Le lieutenant se permit de ricaner. Il lui sortit l’enveloppe, endommagée par le temps, où se trouvaient ses ordres, l’enveloppe jaune qu’il avait lue devant Tristan. Les deux conditions pour ordonner la destruction était, sur ordre du commandant ou, sur intuition personnelle. Ertanger se tourna vers Saures, qui ne prit pas la peine de répondre. Après quoi le lieutenant ajouta qu’il suivait son intuition personnelle.
Sans se démonter, Prévert ordonna que l’unité des forces spéciales entre en action. Le capitaine Londant s’avança alors, en hochant négativement la tête. Il avait bien transmis l’ordre, et le sergent avait aussitôt informé qu’il avait ses ordres. L’amirauté se retrouvait impuissante à contrôler l’équipage, et sans le haut commandement, ne pouvait rien faire. Mais Prévert sut que même le haut commandement ne l’emporterait pas, pas sans affronter l’équipage. Il eut le même réflexe de porter la main à son pistolet et cette fois tous les officiers suivirent son geste.
Alors Prévert se mit à sourire, d’un sourire en coin, puis à rire, par éclats, puis franchement, d’un grand rire presque fou.
« Vous me défiez ? Vous osez me défier ? » Aussitôt sérieusement : « Non, vraiment. N’essayez pas. » L’équipage se tenait en garde. Arnevin s’excusa, mais ils étaient en mission. Alors Prévert regarda sa montre, prit une pose qui mimait la réflexion, et soudain : « Vingt-quatre heures. Si le Liscord vous découvre, on vous remorque. S’il y a une panne, on vous remorque. Si vous n’êtes pas reparti d’ici huitante-six mille quatre cents secondes, on vous remorque. »
De retour à son hélicoptère, sur la poupe du Dominant, l’amiral se retourna pour voir les officiers, les fusiliers et les forces spéciales le saluer, et il crut lire cette fois le contentement qui aurait trahi une volonté derrière cette panne. Mais la complicité qu’il cherchait à faire naître dans l’équipage, il la retrouva en lui. Déjà l’amirauté le rappelait pour ordonner le départ du Dominant, ou toute mesure nécessaire. Prévert répondit qu’il avait des éléments nouveaux, que la situation était sous contrôle et que la mission se poursuivait.
Arnevin suivait, la main en visière, l’hélicoptère qui décollait.
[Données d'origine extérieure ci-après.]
(* (a) Let $p$ be a prime and let $W\subset \mathbb{Z}_p$ be a nonempty set of residues with \[ |W| < \frac{p-1}{2} - \frac{\log p}{\log (4/3)}. \] Then there exist sets $U,V\subset\mathbb{Z}_p$ forming a prime-compatible pair modulo $p$ with $W\subset U$ and $W\subset V$. (b) Let $p\ge 7$ be a prime. Then there exist sets $U,V\subset\mathbb{Z}_p$ forming a prime-compatible pair modulo $p$ such that the residues of $1$ and $11$ lie in $U\setminus V$, the residue of $6$ lies in $V\setminus U$, and $|U\cap V|=2$.
   Context: $\mathbb{Z}_p$ denotes the integers modulo $p$ and $\mathbb{Z}_p^*$ its nonzero residues. For a prime $p$ and nonempty sets $U,V\subset\mathbb{Z}_p$, the pair $U,V$ is called a prime-compatible pair (modulo $p$) if $(U\setminus V)-(V\setminus U)=\{u-v: u\in U\setminus V,\ v\in V\setminus U\}$ equals $\mathbb{Z}_p^*$. *)

From mathcomp Require Import all_boot all_order all_algebra.
From Stdlib Require Import Reals.
Set Implicit Arguments. Unset Strict Implicit. Unset Printing Implicit Defensive.
Import GRing.Theory.
Local Open Scope ring_scope.

Definition diffset (p : nat) (U V : {set 'F_p}) : {set 'F_p} :=
  [set u - v | u in U :\: V, v in V :\: U].

Definition prime_compatible (p : nat) (U V : {set 'F_p}) : Prop :=
  U != set0 /\ V != set0 /\ diffset U V = [set x : 'F_p | x != 0].

From Stdlib Require Import Reals Lra.
From mathcomp Require Import all_boot all_algebra zify.
Import GRing.Theory.
Local Open Scope ring_scope.

(* Colour the residues outside W by f with two colours and take
   U = W + f^-1(true), V = W + f^-1(false).  Then U \ V and V \ U are the two colour classes minus
   W, so (U, V) is prime-compatible as soon as every d <> 0 is a difference
   x - (x - d) with x coloured true, x - d coloured false, both outside W.
   For fixed d at least p - 2|W| points x have x, x - d outside W; removing
   pairs {x, x - d} greedily from the end of the progressions of step d yields
   t ~ (p - 2|W|)/2 pairwise disjoint such pairs.  Each pair fails independently with
   probability 3/4, so d fails for at most a (3/4)^t fraction of colourings,
   and the bound on |W| is exactly (p - 1) (3/4)^t < 1: a union bound over d
   leaves a good colouring.  Part (b) is the same count with W = {2, 3} and the
   colours of 1, 6, 11 prescribed, which works for p >= 37. *)

Section Colouring.
Context {p : nat} (W : {set 'F_p}) (f : 'F_p -> bool).

Definition separating := forall d : 'F_p, d != 0 ->
  exists x, [/\ x \notin W, x - d \notin W, f x & ~~ f (x - d)].

Lemma colour_setDl :
  (W :|: [set x | f x]) :\: (W :|: [set x | ~~ f x]) = [set x | f x] :\: W.
Proof. by apply/setP => x; rewrite !inE; case: (x \in W); case: (f x). Qed.

Lemma colour_setDr :
  (W :|: [set x | ~~ f x]) :\: (W :|: [set x | f x]) = [set x | ~~ f x] :\: W.
Proof. by apply/setP => x; rewrite !inE; case: (x \in W); case: (f x). Qed.

Lemma colour_setI : (W :|: [set x | f x]) :&: (W :|: [set x | ~~ f x]) = W.
Proof. by apply/setP => x; rewrite !inE; case: (x \in W); case: (f x). Qed.

Lemma prime_compatible_colouring : W != set0 -> separating ->
  prime_compatible (W :|: [set x | f x]) (W :|: [set x | ~~ f x]).
Proof.
move=> /set0Pn[w wW] sepWf; split; [|split].
- by apply/set0Pn; exists w; rewrite inE wW.
- by apply/set0Pn; exists w; rewrite inE wW.
- apply/setP => d; rewrite /diffset colour_setDl colour_setDr inE.
  apply/imset2P/idP => [[x y] | d0].
    rewrite !inE => /andP[_ fx] /andP[_ fy] ->.
    by rewrite subr_eq0; apply: contraNneq fy => <-.
  have [x [xW xdW fx fxd]] := sepWf d d0.
  by exists x (x - d); rewrite ?inE ?xW ?xdW ?fx ?fxd // opprB addrC subrK.
Qed.

End Colouring.

Section Counting.
Context {T : finType}.
Implicit Types (Q : {set {ffun T -> bool}}) (D : {set T}).

Lemma leq_card_setI_preim (A : {set T}) (g : T -> T) : injective g ->
  (2 * #|A| <= #|A :&: g @^-1: A| + #|T|)%N.
Proof.
move=> g_inj; have := cardsUI A (g @^-1: A); rewrite card_preimset //.
have := max_card (A :|: g @^-1: A); lia.
Qed.

Lemma leq_card_bigcup (I : finType) (P : pred I) (B : I -> {set T}) :
  (#|\bigcup_(i | P i) B i| <= \sum_(i | P i) #|B i|)%N.
Proof.
elim/big_rec2: _ => [|i U n _ IH]; first by rewrite cards0.
by rewrite (leq_trans (leq_card_setU _ _)) // leq_add2l.
Qed.

Lemma leq_card_setD2 (A : {set T}) x y : (#|A| <= #|A :\ x :\ y| + 2)%N.
Proof.
rewrite (cardsD1 x A) (cardsD1 y (A :\ x)).
by case: (_ \in _); case: (_ \in _) => /=; lia.
Qed.

Definition determined_by Q D :=
  forall f g : {ffun T -> bool}, {in D, f =1 g} -> (f \in Q) = (g \in Q).

Lemma determined_byI {Q1 Q2 D1 D2} :
  determined_by Q1 D1 -> determined_by Q2 D2 -> determined_by (Q1 :&: Q2) (D1 :|: D2).
Proof.
move=> dQ1 dQ2 f g fg; rewrite !inE (dQ1 f g) ?(dQ2 f g) // => z zD;
  by apply: fg; rewrite inE zD ?orbT.
Qed.

Definition colour_eq z b := [set f : {ffun T -> bool} | f z == b].

Lemma card_colour_half {Q D} z b : determined_by Q D -> z \notin D ->
  (#|Q :&: colour_eq z b| * 2 = #|Q|)%N.
Proof.
move=> dQ zD.
pose flip (f : {ffun T -> bool}) : {ffun T -> bool} := [ffun w => (w == z) (+) f w].
have flipK : involutive flip.
  by move=> f; apply/ffunP => w; rewrite !ffunE addbA addbb.
have flipQ f : (flip f \in Q) = (f \in Q).
  apply: dQ => w wD; rewrite ffunE.
  by have -> : (w == z) = false by apply: contraNF zD => /eqP <-.
have flipD : flip @^-1: (Q :&: colour_eq z b) = Q :\: colour_eq z b.
  apply/setP => f; rewrite !inE flipQ ffunE eqxx.
  by case: (f z); case: b; case: (f \in Q).
rewrite -(cardsID (colour_eq z b) Q) -flipD card_preimset ?muln2 ?addnn //.
exact: can_inj flipK.
Qed.

Lemma card_avoid_pattern {Q D x y} : x != y -> x \notin D -> y \notin D ->
  determined_by Q D ->
  (#|Q :\: (colour_eq x true :&: colour_eq y false)| * 4 = #|Q| * 3)%N.
Proof.
move=> xy xD yD dQ.
have dQy : determined_by (Q :&: colour_eq y false) (D :|: [set y]).
  by apply: determined_byI dQ _ => f g fg; rewrite !inE fg ?inE.
have xDy : x \notin D :|: [set y] by rewrite !inE negb_or xD.
rewrite cardsD setIA setIAC -(card_colour_half y false dQ yD).
rewrite -(card_colour_half x true dQy xDy).
move: #|_ :&: colour_eq x true| => n; lia.
Qed.

End Counting.

Section Translates.
Context {p : nat} (p_pr : prime p).
Local Notation colouring := {ffun 'F_p -> bool}.

Lemma ltn_valFp (x : 'F_p) : (val x < p)%N.
Proof. by rewrite -[X in (_ < X)%N](Fp_cast p_pr) ltn_ord. Qed.

Lemma natr_valFp (x : 'F_p) : (val x)%:R = x.
Proof. by apply: val_inj; rewrite /= val_Fp_nat // modn_small // ltn_valFp. Qed.

Lemma exists_translate_exit {S : {set 'F_p}} {d : 'F_p} :
  d != 0 -> S != set0 -> S != setT -> exists2 x, x \in S & x + d \notin S.
Proof.
move=> d0 /set0Pn[y yS] ST.
have [x /andP[xS xdS] | noexit] := pickP [pred x | (x \in S) && (x + d \notin S)].
  by exists x.
have yk k : y + d *+ k \in S.
  elim: k => [|k IH]; first by rewrite addr0.
  by move: (noexit (y + d *+ k)); rewrite /= IH mulrSr addrA => /negbFE.
case/negP: ST; apply/eqP/setP => z; rewrite inE.
have <- : y + d *+ val ((z - y) / d) = z.
  by rewrite -mulr_natr natr_valFp mulrC divfK // addrC subrK.
exact: yk.
Qed.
Il fut interpellé par le lieutenant de magasin qui le trouva bien allègre, presque trop content. Le lieutenant lui proposa une partie de cartes, puis : « Mais croyez-vous que c’est le bon choix ? » Ils savaient que non, que leur décision déraisonnable pouvait entraîner la guerre. Arnevin laissa entendre qu’ils la voulaient, peut-être. En tout cas il en était sûr, il n’y avait pas de panne. Ils n’étaient que les marionnettes de Roland, opposés aux marionnettes de Gilles : ce fut ainsi qu’Ertanger, dans un dernier ricanement, lui présenta toute l’histoire.